Your chance of having twins is also influenced by your race (multiples are more common in African Americans and least common in Hispanics and Asians), how many times you have been pregnant (the chance of having twins increases with each pregnancy), and whether or not you have had twins already. 

Keep in mind that statistics for birth rates and multiple births include all births, including those that were the result of fertility treatments and those that were spontaneous or 'natural'. So if you don't have any of the factors mentioned above that can increase your chance of having multiples, your chance is going to be a little less than 3%. The chance of having 'natural' fraternal twins is only about 1.7% or 1 in 60. The chances of having twins with the use of fertility treatments can be as high as 20-25%!

Of multiple births, the rate of fraternal twins has been increasing the most, and that makes sense since the chance of having fraternal twins is influenced by an advanced maternal age and the use of fertility treatments. 

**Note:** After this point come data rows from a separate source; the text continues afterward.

Lemma tprod_mulr e s f : uniq s -> f \in s ->
  eqv (tprod e s * t f) (tprod [eta e with f |-> (e f).+1] s).
Proof.
elim: s => [|f' s IH] //= /andP [f's us]; rewrite in_cons eq_sym.
have [<- _ | nff' fs] /= := eqVneq f' f.
  rewrite (@eq_tprod _ e) => [|x xs /=]; last by case: eqP => // ex; rewrite -ex xs in f's.
  have := eqv_mul (coset_refl sPhi (gpow (t f') (e f'))) (eqv_commute (tprod_in e s) (tU f')).
  by rewrite !gmulA; apply.
have := eqv_mul (coset_refl sPhi (gpow (t f') (e f'))) (IH us fs).
by rewrite !gmulA; apply.
Qed.

Lemma eqv_tprod u : U u -> exists e, eqv u (tprod e (enum F)).
Proof.
have mulr x f : (exists e, eqv x (tprod e (enum F))) -> exists e, eqv (x * t f) (tprod e (enum F)).
  case=> e he; exists [eta e with f |-> (e f).+1].
  have fF : f \in enum F by rewrite mem_enum.
  apply: (coset_trans sPhi _ (tprod_mulr e (enum_uniq F) fF)).
  exact: (eqv_mul he (coset_refl sPhi _)).
have mulr_pow x f m : (exists e, eqv x (tprod e (enum F))) ->
    exists e, eqv (x * gpow (t f) m) (tprod e (enum F)).
  by move=> hx; elim: m => [|m IH]; rewrite ?gmulg1 // gpowS gmulA; apply: mulr.
have invE f : eqv (t f)^-1 (gpow (t f) p.-1).
  by rewrite -ginvM -gpowS prednK //; apply: (subgroupV sPhi (PhiP_gpow (tU f))).
move=> /genU; elim/gen_ind => [|x _ hx [f ->] | x _ hx [f ->]].
- exists (fun=> 0); suff -> : tprod (fun=> 0) (enum F) = gone G by exact: (coset_refl sPhi).
  by elim: (enum F) => //= f s ->; rewrite gmul1.
- exact: mulr.
- have [e he] := mulr_pow x f p.-1 hx; exists e; apply: (coset_trans sPhi _ he).
  exact: (eqv_mul (coset_refl sPhi x) (invE f)).
Qed.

The chance of having identical twins has remained steady, and is about 0.4% or 1 in 250"


Just found some statistics for you . I was kind of curious reading this because im preg with identicals and my mom had fraternal.


----------



## _Vicky_

have you just come off the pill - apparently that increases your risk. I am 36 and fell within the first month of coming off the pill and my sis has fraternals too - good luck xxx


----------



## pink380

Thanks guys,

I am currently 9 weeks pregnant at the moment. 

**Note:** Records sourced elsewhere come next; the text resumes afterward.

(* Let $\ell$ be an odd integer with $\ell\equiv 3$ or $5 \pmod 8$, and let $t$ be a positive even integer. Let $G$ be the graph obtained from a cycle $C_\ell$ of length $\ell$ by attaching a path of length $t$ (i.e. with $t$ edges and $t$ new vertices) at one vertex of the cycle, so that one end of the path is identified with a cycle vertex. Then $G$ has $\ell+t$ vertices and $\mathrm{GP}(G)$ is not an integer.
   Context: All graphs are simple and finite. For a connected graph $G$, $d_G(u,v)$ denotes the shortest-path distance and $\mathrm{Aut}(G)$ the automorphism group. The Graovac-Pisanski index is $$\mathrm{GP}(G)=\frac{|V(G)|}{2|\mathrm{Aut}(G)|}\sum_{u\in V(G)}\sum_{\alpha\in \mathrm{Aut}(G)} d_G(u,\alpha(u)).$$ *)

From HB Require Import structures.
From mathcomp Require Import all_boot all_order all_algebra all_fingroup.
Set Implicit Arguments. Unset Strict Implicit. Unset Printing Implicit Defensive.
Import Order.TTheory GRing.Theory Num.Theory.

(* A simple graph on a finite vertex type T is a (symmetric, irreflexive)
   adjacency relation e : rel T. *)

Fixpoint within (T : finType) (e : rel T) (k : nat) (u v : T) : bool :=
  match k with
  | 0 => u == v
  | k'.+1 => within e k' u v || [exists w, within e k' u w && e w v]
  end.

(* Shortest-path distance: least k with a walk of length <= k from u to v.
   (For connected graphs this is found among k < #|T|.) *)
Definition dist (T : finType) (e : rel T) (u v : T) : nat :=
  find (fun k => within e k u v) (iota 0 #|T|).

Definition graphAut (T : finType) (e : rel T) : {set {perm T}} :=
  [set s : {perm T} | [forall x, forall y, e (s x) (s y) == e x y]].

Definition GP (T : finType) (e : rel T) : rat :=
  ((#|T|%:R / (2 * #|graphAut e|)%N%:R) *
   (\sum_(u : T) \sum_(a in graphAut e) dist e u (a u))%N%:R)%R.

(* The graph obtained from C_l (vertices 0..l-1) by attaching a path with t
   edges and new vertices l, ..., l+t-1 at cycle vertex 0:
   path 0 - l - (l+1) - ... - (l+t-1). *)
Definition cyc_step (l : nat) (i j : nat) : bool :=
  [&& i < l, j < l & j == i.+1 %% l].
Definition path_step (l : nat) (i j : nat) : bool :=
  ((i == 0) && (j == l)) || ((l <= i) && (j == i.+1)).
Definition cycle_path_adj (l t : nat) : rel 'I_(l + t) :=
  fun i j => [|| cyc_step l i j, cyc_step l j i, path_step l i j
              | path_step l j i].
Arguments cycle_path_adj : clear implicits.

(* The automorphisms of the graph are the identity and the reflection that fixes
   the pendant path and maps cycle vertex i to -i: an automorphism fixes the
   unique leaf, hence, walking down the path, every path vertex and the cycle
   vertex 0; it then maps vertex 1 to a neighbour of 0 off the path, i.e. to 1
   or to -1, and walking around the cycle it is the identity or the reflection.
   The reflection moves i to -i, at cycle distance min(2i mod l, l - 2i mod l);
   since doubling permutes the residues modulo l = 2m+1, these distances add up
   to m(m+1). Hence GP = (l+t) m(m+1) / 4, and when l = 3, 5 (mod 8) and t is
   even, l+t is odd and m(m+1) = 2 (mod 4), so the numerator is 2 modulo 4. *)

From HB Require Import structures.
From mathcomp Require Import all_boot all_order all_algebra all_fingroup zify.
Import Order.TTheory GRing.Theory Num.Theory.

Set Implicit Arguments.
Unset Strict Implicit.
Unset Printing Implicit Defensive.

Section Walks.
Variables (T : finType) (e : rel T).

Lemma within_snoc k u w v : within e k u w -> e w v -> within e k.+1 u v.
Proof. by move=> uw wv /=; apply/orP; right; apply/existsP; exists w; rewrite uw wv. Qed.

Lemma within_cat a b u w v :
  within e a u w -> within e b w v -> within e (a + b) u v.
Proof.
move=> uw; elim: b v => [|b IH] v /=; first by move/eqP <-; rewrite addn0.
rewrite addnS; case/orP => [wv | /existsP[w' /andP[ww' w'v]]].
  by rewrite /= IH.
exact: within_snoc (IH _ ww') w'v.
Qed.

Had a missed m/c in April 2008 and tried again for 10 months to conceive. We decided to call it a day (have dd 11 and ds6) and I went on the mini pill for one month only as I thought it was making me feel down. Within the next month we were discussing other forms of contraception and we were "not" being careful a couple of times that month and low and behold I get a BFP. We are truly delighted but got a shock after 10 months of nothing.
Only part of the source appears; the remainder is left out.